(TASK OBJECTIVE)
Go through the data and tally the lines that include "with". The reply is that number alone.

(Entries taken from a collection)

(* Let $\phi\colon A_1\to A_2$ be a surjective morphism of $C^\infty$-rings and $I\le A_2$ an ideal. Then $\phi^{-1}(\sqrt[\infty]{I})=\sqrt[\infty]{\phi^{-1}(I)}$.
   Context: A $C^\infty$-ring is a product-preserving functor from the category of $\mathbb R^n$ ($n\ge0$) and smooth maps to sets; ideals are ideals of the underlying commutative $\mathbb R$-algebra; $A\{a^{-1}\}$ is the $C^\infty$-ring obtained by universally inverting $a$ among $C^\infty$-rings; $\sqrt[\infty]{I}:=\{f\in A\mid (A/I)\{f^{-1}\}\cong0\}$. *)

From HB Require Import structures.
From mathcomp Require Import all_boot all_order all_algebra.
From mathcomp Require Import all_classical all_reals all_analysis.
Set Implicit Arguments. Unset Strict Implicit. Unset Printing Implicit Defensive.
Import Order.TTheory GRing.Theory Num.Theory.
Import numFieldNormedType.Exports.
Local Open Scope ring_scope.

Section Smooth.
Variable R : realType.

(* C^k functions R^n -> R, via iterated partial derivatives (continuity is
   required at every level; it is redundant for k >= 1 but harmless). *)
Fixpoint Ck (n k : nat) (g : 'rV[R]_n -> R) : Prop :=
  match k with
  | 0 => continuous g
  | k'.+1 => continuous g /\
      forall i : 'I_n, (forall x, derivable g x (delta_mx 0 i)) /\
        Ck k' (fun x => derive g x (delta_mx 0 i))
  end.

Definition smooth (n m : nat) (f : 'rV[R]_n -> 'rV[R]_m) : Prop :=
  forall (j : 'I_m) (k : nat), Ck k (fun x => f x 0 j).

Lemma Ck_cst n k (c : R) : Ck k (fun _ : 'rV[R]_n => c).
Proof.
elim: k c => [|k IH] c /=; first exact: cst_continuous.
split; first exact: cst_continuous.
move=> i; split; first by move=> x; exact: (derivable_cst c).
have -> : (fun x => derive (fun _ : 'rV[R]_n => c) x (delta_mx 0 i)) = fun _ => 0.
  by apply/funext => x; exact: (derive_cst c).
exact: IH.
Qed.

Lemma Ck_coord n k (i : 'I_n) : Ck k (fun x : 'rV[R]_n => x 0 i).
Proof.
have cc : continuous (fun x : 'rV[R]_n => x 0 i) by exact: coord_continuous.
case: k => [|k] //=; split => // l; split.
  by move=> x; apply: diff_derivable; exact: differentiable_coord.
have @f : {linear 'rV[R]_n -> R}.
  by exists (fun N : 'rV[R]_n => N 0 i); do 2![eexists]; do ?[constructor];
     rewrite ?mxE// => ? *; rewrite ?mxE//; move=> ?; rewrite !mxE.
have -> : (fun x => derive (fun x0 : 'rV[R]_n => x0 0 i) x (delta_mx 0 l))
          = fun _ => (delta_mx 0 l : 'rV[R]_n) 0 i.
  apply/funext => x.
  rewrite (_ : (fun x0 : 'rV[R]_n => x0 0 i) = f) //.
  have fc : continuous f by exact: (@coord_continuous R 1 n 0 i).
  rewrite deriveE; last exact: linear_differentiable.
  by rewrite diff_lin.
exact: Ck_cst.
Qed.

Lemma Ck_add n k (f g : 'rV[R]_n -> R) :
  Ck k f -> Ck k g -> Ck k (fun x => f x + g x).
Proof.
elim: k f g => [|k IH] f g /=.
  by move=> cf cg; by move=> x; exact: (continuousD (cf x) (cg x)).
move=> [cf df] [cg dg]; split; first by move=> x; exact: (continuousD (cf x) (cg x)).
move=> i; have [df1 df2] := df i; have [dg1 dg2] := dg i; split.
  by move=> x; exact: (derivableD (df1 x) (dg1 x)).
have -> : (fun x => derive (fun x0 => f x0 + g x0) x (delta_mx 0 i)) =
   fun x => derive f x (delta_mx 0 i) + derive g x (delta_mx 0 i).
  by apply/funext => x; exact: (deriveD (df1 x) (dg1 x)).
exact: IH.
Qed.

Lemma Ck_mono n k (f : 'rV[R]_n -> R) : Ck k.+1 f -> Ck k f.
Proof.
elim: k f => [|k IH] f; first by case.
move=> [cf df]; split => // i; have [d1 d2] := df i; split => //.
exact: IH.
Qed.

Lemma Ck_mul n k (f g : 'rV[R]_n -> R) :
  Ck k f -> Ck k g -> Ck k (fun x => f x * g x).
Proof.
elim: k f g => [|k IH] f g /=.
  by move=> cf cg; by move=> x; exact: (continuousM (cf x) (cg x)).
move=> [cf df] [cg dg]; split; first by move=> x; exact: (continuousM (cf x) (cg x)).
move=> i; have [df1 df2] := df i; have [dg1 dg2] := dg i; split.
  by move=> x; exact: (derivableM (df1 x) (dg1 x)).
have -> : (fun x => derive (fun x0 => f x0 * g x0) x (delta_mx 0 i)) =
   fun x => f x * derive g x (delta_mx 0 i) + g x * derive f x (delta_mx 0 i).
  by apply/funext => x; exact: (deriveM (df1 x) (dg1 x)).
apply: Ck_add; apply: IH => //; apply: Ck_mono; split => //.
Qed.

Definition proj_map (n : nat) (i : 'I_n) : 'rV[R]_n -> 'rV[R]_1 :=
  fun x => \row_(j < 1) x 0 i.
Definition add_map : 'rV[R]_2 -> 'rV[R]_1 :=
  fun x => \row_(j < 1) (x 0 ord0 + x 0 ord_max).
Definition mul_map : 'rV[R]_2 -> 'rV[R]_1 :=
  fun x => \row_(j < 1) (x 0 ord0 * x 0 ord_max).
Definition const_map (c : R) : 'rV[R]_0 -> 'rV[R]_1 :=
  fun _ => \row_(j < 1) c.

Lemma smooth_proj n (i : 'I_n) : smooth (proj_map i).
Proof.
move=> j k; rewrite /proj_map.
have -> : (fun x : 'rV[R]_n => (\row_(j0 < 1) x 0 i) 0 j) = fun x => x 0 i.
  by apply/funext => x; rewrite mxE.
exact: Ck_coord.
Qed.

Lemma smooth_add : smooth add_map.
Proof.
move=> j k; rewrite /add_map.
have -> : (fun x : 'rV[R]_2 => (\row_(j0 < 1) (x 0 ord0 + x 0 ord_max)) 0 j)
  = fun x => x 0 ord0 + x 0 ord_max by apply/funext => x; rewrite mxE.
by apply: Ck_add; exact: Ck_coord.
Qed.

Lemma smooth_mul : smooth mul_map.
Proof.
move=> j k; rewrite /mul_map.
have -> : (fun x : 'rV[R]_2 => (\row_(j0 < 1) (x 0 ord0 * x 0 ord_max)) 0 j)
  = fun x => x 0 ord0 * x 0 ord_max by apply/funext => x; rewrite mxE.
by apply: Ck_mul; exact: Ck_coord.
Qed.

Lemma smooth_const c : smooth (const_map c).
Proof.
move=> j k; rewrite /const_map.
have -> : (fun x : 'rV[R]_0 => (\row_(j0 < 1) c) 0 j) = fun _ => c
  by apply/funext => x; rewrite mxE.
exact: Ck_cst.
Qed.

End Smooth.

(* A C^oo-ring: a functor F from the category with objects R^n (n >= 0) and
   smooth maps to types, preserving finite products: F(R^n), with the maps
   F(pi_i) : F(R^n) -> F(R), is an n-fold product of F(R)
   (ctuple is the inverse of x |-> (F(pi_i) x)_i). *)
Record CinfRing (R : realType) := {
  cobj : nat -> Type;
  cmap : forall (n m : nat) (f : 'rV[R]_n -> 'rV[R]_m), smooth f -> cobj n -> cobj m;
  cmap_id : forall n (h : smooth (fun x : 'rV[R]_n => x)) (x : cobj n),
      cmap h x = x;
  cmap_comp : forall n m p (f : 'rV[R]_n -> 'rV[R]_m) (g : 'rV[R]_m -> 'rV[R]_p)
      (hf : smooth f) (hg : smooth g) (hgf : smooth (fun x => g (f x))) (x : cobj n),
      cmap hgf x = cmap hg (cmap hf x);
  ctuple : forall n, ('I_n -> cobj 1) -> cobj n;
  ctupleK : forall n (x : cobj n),
      ctuple (fun i => cmap (@smooth_proj R _ i) x) = x;
  cprojK : forall n (a : 'I_n -> cobj 1) (i : 'I_n),
      cmap (@smooth_proj R _ i) (ctuple a) = a i
}.
Arguments cobj {R}.
Arguments cmap {R} _ {n m f} : rename.
Arguments ctuple {R} _ {n} : rename.

Record CinfMorph (R : realType) (A B : CinfRing R) := {
  cfun : forall n, cobj A n -> cobj B n;
  mnat : forall n m (f : 'rV[R]_n -> 'rV[R]_m) (hf : smooth f) (x : cobj A n),
      cfun (cmap A hf x) = cmap B hf (cfun x)
}.
Arguments cfun {R A B} _ {n}.

Section Ops.
Variables (R : realType) (A : CinfRing R).

Definition empty_fun (T : Type) (i : 'I_0) : T :=
  False_rect T (notF (ltn_ord i)).

Definition pair2 (a b : cobj A 1) : 'I_2 -> cobj A 1 :=
  fun i => if i == ord0 then a else b.

Definition cadd (a b : cobj A 1) : cobj A 1 :=
  cmap A (@smooth_add R) (ctuple A (pair2 a b)).
Definition cmul (a b : cobj A 1) : cobj A 1 :=
  cmap A (@smooth_mul R) (ctuple A (pair2 a b)).
Definition cconst (c : R) : cobj A 1 :=
  cmap A (@smooth_const R c) (ctuple A (@empty_fun (cobj A 1))).
Definition czero := cconst 0.
Definition cone := cconst 1.

Definition is_ideal (I : cobj A 1 -> Prop) : Prop :=
  [/\ I czero,
      (forall a b, I a -> I b -> I (cadd a b)) &
      (forall a b, I b -> I (cmul a b))].

Definition is_unit (a : cobj A 1) : Prop := exists b, cmul a b = cone.

(* A is isomorphic to the zero C^oo-ring (the terminal functor) *)
Definition ctrivial : Prop := forall n (x y : cobj A n), x = y.

End Ops.

(* C^oo-radical: f \in rad I  iff  (A/I){f^-1} = 0.
   (A/I){f^-1} is the initial C^oo-ring under A in which I maps to 0 and f
   becomes invertible; it is 0 iff every such C^oo-ring is 0. *)
Definition cinf_radical (R : realType) (A : CinfRing R) (I : cobj A 1 -> Prop)
    (f : cobj A 1) : Prop :=
  forall (B : CinfRing R) (psi : CinfMorph A B),
    (forall a, I a -> cfun psi a = czero B) ->
    is_unit (cfun psi f) -> ctrivial B.

(* A morphism psi : A1 -> B killing phi^-1(I) kills ker phi, because 0 lies
   in I.  Subtraction is a smooth operation, so psi commutes with it and psi is
   constant on the fibres of phi: psi x = (psi x - psi y) + psi y
   = psi (x - y) + psi y = psi y.  Hence psi factors through the surjection
   phi as a morphism chi : A2 -> B killing I, with chi (phi a) = psi a.  So
   the morphisms out of A1 killing phi^-1(I) are exactly the composites of phi
   with the morphisms out of A2 killing I, and both radicals quantify over
   the same family of targets B. *)
From Pilot Require Import Defs.
From mathcomp Require Import all_boot all_order all_algebra.
From mathcomp Require Import all_classical all_reals all_analysis.
Set Implicit Arguments. Unset Strict Implicit. Unset Printing Implicit Defensive.
Import Order.TTheory GRing.Theory Num.Theory.

Section CinfRingTheory.
Local Open Scope ring_scope.
Variable R : realType.

Lemma Ck_opp n k (g : 'rV[R]_n -> R) : Ck k g -> Ck k (fun x => - g x).
Proof.
move=> Cg; have -> : (fun x => - g x) = fun x => (-1) * g x.
  by apply/funext => x; rewrite mulN1r.
by apply: Ck_mul => //; exact: Ck_cst.
Qed.

Definition pair_map n (f g : 'rV[R]_n -> 'rV[R]_1) : 'rV[R]_n -> 'rV[R]_2 :=
  fun x => \row_j (if j == ord0 then f x 0 0 else g x 0 0).
Definition sub_map : 'rV[R]_2 -> 'rV[R]_1 :=
  fun x => \row_j (x 0 ord0 - x 0 ord_max).
Definition zero_map n : 'rV[R]_n -> 'rV[R]_1 := fun _ => 0.
Definition to_point_map n : 'rV[R]_n -> 'rV[R]_0 := fun _ => 0.

Lemma smooth_id n : smooth (fun x : 'rV[R]_n => x).
Proof. by move=> j k; exact: Ck_coord. Qed.

Lemma smooth_pair n (f g : 'rV[R]_n -> 'rV[R]_1) :
  smooth f -> smooth g -> smooth (pair_map f g).
Proof.
move=> sf sg j k; rewrite /pair_map.
under eq_fun do rewrite mxE.
by case: (j == ord0); [exact: sf | exact: sg].
Qed.

Lemma smooth_sub : smooth sub_map.
Proof.
move=> j k; rewrite /sub_map; under eq_fun do rewrite mxE.
by apply: Ck_add; [exact: Ck_coord | apply: Ck_opp; exact: Ck_coord].
Qed.

Lemma smooth_zero n : smooth (@zero_map n).
Proof. by move=> j k; under eq_fun do rewrite mxE; exact: Ck_cst. Qed.

Lemma smooth_to_point n : smooth (@to_point_map n).
Proof. by case. Qed.

Section Ring.
Variable A : CinfRing R.

Definition csub (a b : cobj A 1) : cobj A 1 :=
  cmap A smooth_sub (ctuple A (pair2 a b)).

Lemma cmap_compE n m p (f : 'rV[R]_n -> 'rV[R]_m) (g : 'rV[R]_m -> 'rV[R]_p)
    (h : 'rV[R]_n -> 'rV[R]_p) (sf : smooth f) (sg : smooth g) (sh : smooth h) x :
  (forall v, h v = g (f v)) -> cmap A sh x = cmap A sg (cmap A sf x).
Proof. by move/funext => eh; subst h; exact: cmap_comp. Qed.

Lemma cobj_ext n (u v : cobj A n) :
  (forall i, cmap A (smooth_proj R i) u = cmap A (smooth_proj R i) v) -> u = v.
Proof.
move=> euv; rewrite -(ctupleK u) -(ctupleK v); congr (ctuple A _).
exact/funext.
Qed.

Lemma cobj0_eq (u v : cobj A 0) : u = v.
Proof. by apply: cobj_ext => -[]. Qed.

Lemma cmap_zero n (x : cobj A n) : cmap A (@smooth_zero n) x = Defs.czero A.
Proof.
rewrite /Defs.czero /cconst (@cmap_compE _ _ _ _ _ _ (@smooth_to_point n)
  (@smooth_const R 0)); first by congr (cmap A _ _); exact: cobj0_eq.
by move=> v; apply/rowP => j; rewrite !mxE.
Qed.

Lemma ctuple_pair2 n (f g : 'rV[R]_n -> 'rV[R]_1) (sf : smooth f)
    (sg : smooth g) (x : cobj A n) :
  ctuple A (pair2 (cmap A sf x) (cmap A sg x)) = cmap A (smooth_pair sf sg) x.
Proof.
apply: cobj_ext => i; rewrite cprojK /pair2.
by case: ifP => i0; apply: cmap_compE => v; apply/rowP => j;
   rewrite !mxE (ord1 j) i0.
Qed.

Lemma cmap_pair2 n (F : 'rV[R]_2 -> 'rV[R]_1) (f g h : 'rV[R]_n -> 'rV[R]_1)
    (sF : smooth F) (sf : smooth f) (sg : smooth g) (sh : smooth h) x :
  (forall v, h v = F (pair_map f g v)) ->
  cmap A sF (ctuple A (pair2 (cmap A sf x) (cmap A sg x))) = cmap A sh x.
Proof.
by move=> eh; rewrite ctuple_pair2 (cmap_compE (smooth_pair sf sg) sF sh x eh).
Qed.

Lemma csubrK (a b : cobj A 1) : Defs.cadd (csub a b) b = a.
Proof.
set t := ctuple A (pair2 a b).
have ea : cmap A (smooth_proj R ord0) t = a by rewrite cprojK.
have eb : cmap A (smooth_proj R ord_max) t = b by rewrite cprojK.
rewrite -[in RHS]ea -[X in Defs.cadd _ X]eb /Defs.cadd /csub -/t.
by apply: cmap_pair2 => v; apply/rowP => j; rewrite !mxE /= subrK.
Qed.

Lemma cadd0r (b : cobj A 1) : Defs.cadd (Defs.czero A) b = b.
Proof.
rewrite -(cmap_zero b) -{2 3}(cmap_id (@smooth_id 1) b) /Defs.cadd.
rewrite (cmap_pair2 _ _ _ (@smooth_id 1)) // => v.
by apply/rowP => j; rewrite !mxE (ord1 j) /= add0r.
Qed.

Lemma csubrr (a : cobj A 1) : csub a a = Defs.czero A.
Proof.
rewrite -(cmap_zero a) -{1 2}(cmap_id (@smooth_id 1) a) /csub.
rewrite (cmap_pair2 _ _ _ (@smooth_zero 1)) // => v.
by apply/rowP => j; rewrite !mxE /= subrr.
Qed.

End Ring.

Section Morphism.
Variables (A B : CinfRing R) (psi : CinfMorph A B).

Lemma cfun_ctuple n (u : 'I_n -> cobj A 1) :
  cfun psi (ctuple A u) = ctuple B (fun i => cfun psi (u i)).
Proof. by apply: cobj_ext => i; rewrite -mnat !cprojK. Qed.

Lemma cfun_csub (a b : cobj A 1) :
  cfun psi (csub a b) = csub (cfun psi a) (cfun psi b).
Proof.
rewrite /csub mnat cfun_ctuple; congr (cmap B _ (ctuple B _)).
by apply/funext => i; rewrite /pair2; case: ifP.
Qed.

Definition cmorph_comp (C : CinfRing R) (chi : CinfMorph B C) : CinfMorph A C.
Proof.
exists (fun n x => cfun chi (cfun psi x)).
by move=> n m f sf x; rewrite !mnat.
Defined.

Lemma cfun_surj :
  (forall b : cobj B 1, exists a, cfun psi a = b) ->
  forall n (b : cobj B n), exists a, cfun psi a = b.
Proof.
move=> surj1 n b.
have /choice [f ef] : forall i, exists a, cfun psi a = cmap B (smooth_proj R i) b.
  by move=> i; exact: surj1.
by exists (ctuple A f); apply: cobj_ext => i; rewrite -mnat cprojK ef.
Qed.

End Morphism.

Section Factorization.
Variables (A1 A2 B : CinfRing R) (phi : CinfMorph A1 A2) (psi : CinfMorph A1 B).
Hypothesis ker_sub : forall a, cfun phi a = Defs.czero A2 -> cfun psi a = Defs.czero B.

Lemma fiber_cfun_eq1 (x y : cobj A1 1) :
  cfun phi x = cfun phi y -> cfun psi x = cfun psi y.
Proof.
move=> exy.
have psi_sub : cfun psi (csub x y) = Defs.czero B.
  by apply: ker_sub; rewrite cfun_csub exy csubrr.
by rewrite -(csubrK (cfun psi x) (cfun psi y)) -cfun_csub psi_sub cadd0r.
Qed.

Lemma fiber_cfun_eq n (x y : cobj A1 n) :
  cfun phi x = cfun phi y -> cfun psi x = cfun psi y.
Proof.
move=> exy; apply: cobj_ext => i; rewrite -!mnat.
by apply: fiber_cfun_eq1; rewrite !mnat exy.
Qed.

Lemma surj_factor :
  (forall b : cobj A2 1, exists a, cfun phi a = b) ->
  exists chi : CinfMorph A2 B,
    forall n (a : cobj A1 n), cfun chi (cfun phi a) = cfun psi a.
Proof.
move=> surj1.
pose pre n (b : cobj A2 n) := sval (cid (cfun_surj surj1 b)).
have preK n (b : cobj A2 n) : cfun phi (pre n b) = b by rewrite /pre; case: cid.
have chi_nat n m (f : 'rV[R]_n -> 'rV[R]_m) (sf : smooth f) b :
    cfun psi (pre m (cmap A2 sf b)) = cmap B sf (cfun psi (pre n b)).
  by rewrite -mnat; apply: fiber_cfun_eq; rewrite mnat !preK.
exists (Build_CinfMorph chi_nat) => n a /=.
by apply: fiber_cfun_eq; rewrite preK.
Qed.

End Factorization.

End CinfRingTheory.

Theorem lemma2p6 (R : realType) (A1 A2 : CinfRing R) (phi : CinfMorph A1 A2) :
  (forall b : cobj A2 1, exists a : cobj A1 1, cfun phi a = b) ->
  forall I : cobj A2 1 -> Prop, is_ideal I ->
  forall a : cobj A1 1,
    cinf_radical I (cfun phi a) <-> cinf_radical (fun x => I (cfun phi x)) a.
Proof.
move=> surj I [I0 _ _] a; split=> [rad2 B psi psiI psi_a | rad1 B chi chiI chi_a].
- have ker_sub x : cfun phi x = Defs.czero A2 -> cfun psi x = Defs.czero B.
    by move=> phix0; apply: psiI; rewrite phix0.
  have [chi chi_phi] := surj_factor ker_sub surj.
  apply: (rad2 B chi); last by rewrite chi_phi.
  move=> b; have [x <-] := surj b.
  by rewrite chi_phi; exact: psiI.
- by apply: (rad1 B (cmorph_comp phi chi)) => // x; exact: chiI.
Qed.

(TASK SOLUTION)
6